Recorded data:
━━━━━━━━━━━━━━━━━━━━━━━━━━━━━━
Lemma progression_slice A a b l : b lst = 0 -> progression A a b l ->
  {in A &, forall x y, x lst = y lst}.
Proof.
move=> b0 A_ap x y /(progression_mem A_ap)[i _ x_i].
move=> /(progression_mem A_ap)[i' _ y_i'].
by apply: coord_inj; rewrite x_i y_i' b0 !mulr0.
Qed.

Definition lst_injb A : bool := #|[set x lst | x : pt N in A]| == #|A|.

Lemma lst_injbP A : reflect {in A &, injective (fun x : pt N => x lst)} (lst_injb A).
Proof. exact: imset_injP. Qed.

Local Notation K := (nth 0%N N lst).

Definition prod_col (c0 : {ffun pt (front N) -> bool}) (e : {ffun 'I_K -> bool}) :
  {ffun pt N -> bool} := [ffun x => c0 (proj_front x) == e (x lst)].

Variable c0 : {ffun pt (front N) -> bool}.

Lemma col_sum_prod_col (R : pzRingType) e A :
  (col_sum (prod_col c0 e) A)%:~R
    = \sum_(x in A) sgb (c0 (proj_front x)) * sgb (e (x lst)) :> R.
Proof.
rewrite col_sum_sgb rmorph_sum /=; apply: eq_bigr => x _.
by rewrite intr_sgb ffunE sgb_eq.
Qed.

Lemma col_sum_prod_col_slice e A a b l : b lst = 0 -> progression A a b l ->
  (absz (col_sum (prod_col c0 e) A) <= max_disc c0)%N.
Proof.
move=> b0 A_ap; have [-> | [x0 x0A]] := set_0Vmem A; first by rewrite /col_sum big_set0.
have slice := progression_slice b0 A_ap.
have proj_inj : {in A &, injective proj_front}.
  by move=> x y xA yA eq_proj; apply: proj_front_lst_inj eq_proj (slice x y xA yA).
have -> : col_sum (prod_col c0 e) A = sgb (e (x0 lst)) * col_sum c0 (proj_front @: A).
  rewrite !col_sum_sgb (big_imset _ proj_inj) /= mulr_sumr; apply: eq_bigr => x xA.
  by rewrite ffunE sgb_eq (slice x x0) // mulrC.
rewrite abszM (_ : absz (sgb _) = 1%N) ?mul1n; last by case: (e _).
apply: leq_max_disc; exists (a \o widen_front), (b \o widen_front), l.
exact: progression_proj A_ap (exists_front_neq0 b0 (proj1 A_ap)).
Qed.

Lemma card_bad_signs (R : realType) A (t : R) : (0 < K)%N -> 0 <= t -> lst_injb A ->
  #|[set e : {ffun 'I_K -> bool} | t < (absz (col_sum (prod_col c0 e) A))%:R]|%:R
    <= 2 * 2 ^+ K * expR (- t ^+ 2 / (2 * K%:R)).
Proof.
move=> K_gt0 t_ge0 /lst_injbP lst_inj.
under eq_finset => e do rewrite natr_absz intr_norm col_sum_prod_col.
by apply: card_norm_sign_sum_inj_gt => // x; rewrite normr_sgb.
Qed.

Lemma exists_good_signs (R : realType) (t : R) : (0 < K)%N -> 0 <= t ->
  ((\prod_(n <- N) n) ^ 2 * K.+1)%:R * (2 * 2 ^+ K * expR (- t ^+ 2 / (2 * K%:R)))
    < 2 ^+ K ->
  exists e, forall x0 x1 (k : 'I_K.+1), lst_injb (ap_set x0 x1 k) ->
    (absz (col_sum (prod_col c0 e) (ap_set x0 x1 k)))%:R <= t.
Proof.
move=> K_gt0 t_ge0 lt_count.
pose bad (tau : pt N * pt N * 'I_K.+1) e := let A := ap_set tau.1.1 tau.1.2 tau.2 in
  lst_injb A && (t < (absz (col_sum (prod_col c0 e) A))%:R).
have [e good] : exists e, forall tau, ~~ bad tau e.
  apply: (exists_avoid_all (B := 2 * 2 ^+ K * expR (- t ^+ 2 / (2 * K%:R)))).
    move=> [[x0 x1] k]; rewrite /bad /=; case: (boolP (lst_injb _)) => [A_inj | _].
      by under eq_finset => e do rewrite /=; exact: card_bad_signs.
    rewrite (eq_finset (fun e => false)) ?cards0 //.
    by rewrite !mulr_ge0 ?exprn_ge0 ?expR_ge0.
  by rewrite !card_prod card_pt card_ffun card_bool !card_ord mulnn natrX.
by exists e => x0 x1 k A_inj; have := good (x0, x1, k); rewrite /bad /= A_inj -leNgt.
Qed.

Lemma prod_col_ap_le (R : realDomainType) e (t : R) : 0 <= t ->
  (forall x0 x1 (k : 'I_K.+1), lst_injb (ap_set x0 x1 k) ->
    (absz (col_sum (prod_col c0 e) (ap_set x0 x1 k)))%:R <= t) ->
  forall A, isAP A -> (absz (col_sum (prod_col c0 e) A))%:R <= Num.max (max_disc c0)%:R t.
Proof.
move=> t_ge0 good A [a [b [l A_ap]]].
have {}A_ap : progression A a b l := A_ap.
have [b0 | b_neq0] := eqVneq (b lst) 0.
  by rewrite le_max ler_nat (col_sum_prod_col_slice _ b0 A_ap).
have [l0 | l_gt0] := posnP l.
  rewrite /col_sum big1 ?le_max ?ler0n // => x /(progression_mem A_ap)[i].
  by rewrite l0.
have [x0 [x1 A_eq]] := progression_ap_set A_ap l_gt0.
have l_lt : (l < K.+1)%N by rewrite ltnS (progression_size A_ap b_neq0).
rewrite le_max A_eq (good x0 x1 (Ordinal l_lt)) ?orbT //= -A_eq.
apply/lst_injbP; exact (progression_inj A_ap b_neq0).
Qed.

End Projection.

Lemma leq_prod_mem (s : seq nat) n : all (fun m => 0 < m)%N s -> n \in s ->
  (n <= \prod_(m <- s) m)%N.
Proof.
move=> s_pos n_in; rewrite (big_rem n) //= leq_pmulr // big_seq.
by apply: prodn_cond_gt0 => m /mem_rem; apply: (allP s_pos).
Qed.

Lemma union_bound_threshold (R : realType) (K P : nat) (t : R) :
  (0 < K)%N -> (K <= P)%N -> t ^+ 2 = 6 * K%:R * ln (2 * P%:R) ->
  (P ^ 2 * K.+1)%:R * (2 * 2 ^+ K * expR (- t ^+ 2 / (2 * K%:R))) < 2 ^+ K.
Proof.
move=> K_gt0 K_le t_sq.
have K_pos : (0 : R) < K%:R by rewrite ltr0n.
have P_ge1 : (1 : R) <= P%:R by rewrite ler1n; lia.
have ln_ge0 : 0 <= ln (2 * P%:R : R) by apply: ln_ge0; lra.
have -> : - t ^+ 2 / (2 * K%:R) = - (3%:R * ln (2 * P%:R : R)).
  by rewrite t_sq; field; rewrite lt0r_neq0.
rewrite expRN expRM_natl lnK ?posrE; last by lra.
have -> : (P ^ 2 * K.+1)%:R * (2 * 2 ^+ K * ((2 * P%:R) ^+ 3)^-1)
    = 2 ^+ K * ((K%:R + 1) / (4 * P%:R)) :> R.
  by rewrite natrM natrX -addn1 natrD; field; rewrite lt0r_neq0 //; lra.
rewrite gtr_pMr ?exprn_gt0 // ltr_pdivrMr; last by lra.
have : (K%:R : R) <= P%:R by rewrite ler_nat.
have : (1 : R) <= K%:R by rewrite ler1n.
lra.
Qed.

Unset Implicit Arguments.

Theorem lemma6p1 (R : realType) (N : seq nat) :
  (2 <= size N)%N -> all (fun n => 0 < n)%N N ->
  ((disc N)%:R : R) <=
    Num.max (disc (take (size N).-1 N))%:R
      (Num.sqrt (6 * (last 0%N N)%:R * ln (2 * (\prod_(n <- N) n)%:R))).
Proof.
move=> size_N N_pos.
have lst_lt : ((size N).-1 < size N)%N by rewrite ltn_predL (leq_trans _ size_N).
pose lst := Ordinal lst_lt.
have lstE : lst = (size N).-1 :> nat by [].
have -> : last 0%N N = nth 0%N N lst by rewrite -nth_last.
have K_gt0 : (0 < nth 0%N N lst)%N := allP N_pos _ (mem_nth 0%N lst_lt).
have K_le : (nth 0%N N lst <= \prod_(n <- N) n)%N.
  exact: leq_prod_mem N_pos (mem_nth 0%N lst_lt).
pose c0 := [arg min_(chi < [ffun=> true] : {ffun pt (front N) -> bool}) max_disc chi].
set t := Num.sqrt _.
have t_ge0 : 0 <= t := sqrtr_ge0 _.
have t_sq : t ^+ 2 = 6 * (nth 0%N N lst)%:R * ln (2 * (\prod_(n <- N) n)%:R).
  by rewrite sqr_sqrtr // !mulr_ge0 ?ler0n // ln_ge0 // -natrM ler1n; lia.
have [e good] := exists_good_signs c0 K_gt0 t_ge0 (union_bound_threshold K_gt0 K_le t_sq).
apply: (disc_ler (chi := prod_col c0 e)) => [| A A_ap].
  by rewrite le_max t_ge0 orbT.
exact (prod_col_ap_le lstE t_ge0 good A_ap).
Qed.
━━━━━━━━━━━━━━━━━━━━━━━━━━━━━━
Give the exact lines, and only those, from the line containing "have : (1 : R) <= K%:R by rewrite ler1n." through the line containing "by rewrite sqr_sqrtr" in the entries above.

**Solution to the exercise**
have : (1 : R) <= K%:R by rewrite ler1n.
lra.
Qed.

Unset Implicit Arguments.

Theorem lemma6p1 (R : realType) (N : seq nat) :
  (2 <= size N)%N -> all (fun n => 0 < n)%N N ->
  ((disc N)%:R : R) <=
    Num.max (disc (take (size N).-1 N))%:R
      (Num.sqrt (6 * (last 0%N N)%:R * ln (2 * (\prod_(n <- N) n)%:R))).
Proof.
move=> size_N N_pos.
have lst_lt : ((size N).-1 < size N)%N by rewrite ltn_predL (leq_trans _ size_N).
pose lst := Ordinal lst_lt.
have lstE : lst = (size N).-1 :> nat by [].
have -> : last 0%N N = nth 0%N N lst by rewrite -nth_last.
have K_gt0 : (0 < nth 0%N N lst)%N := allP N_pos _ (mem_nth 0%N lst_lt).
have K_le : (nth 0%N N lst <= \prod_(n <- N) n)%N.
  exact: leq_prod_mem N_pos (mem_nth 0%N lst_lt).
pose c0 := [arg min_(chi < [ffun=> true] : {ffun pt (front N) -> bool}) max_disc chi].
set t := Num.sqrt _.
have t_ge0 : 0 <= t := sqrtr_ge0 _.
have t_sq : t ^+ 2 = 6 * (nth 0%N N lst)%:R * ln (2 * (\prod_(n <- N) n)%:R).
  by rewrite sqr_sqrtr // !mulr_ge0 ?ler0n // ln_ge0 // -natrM ler1n; lia.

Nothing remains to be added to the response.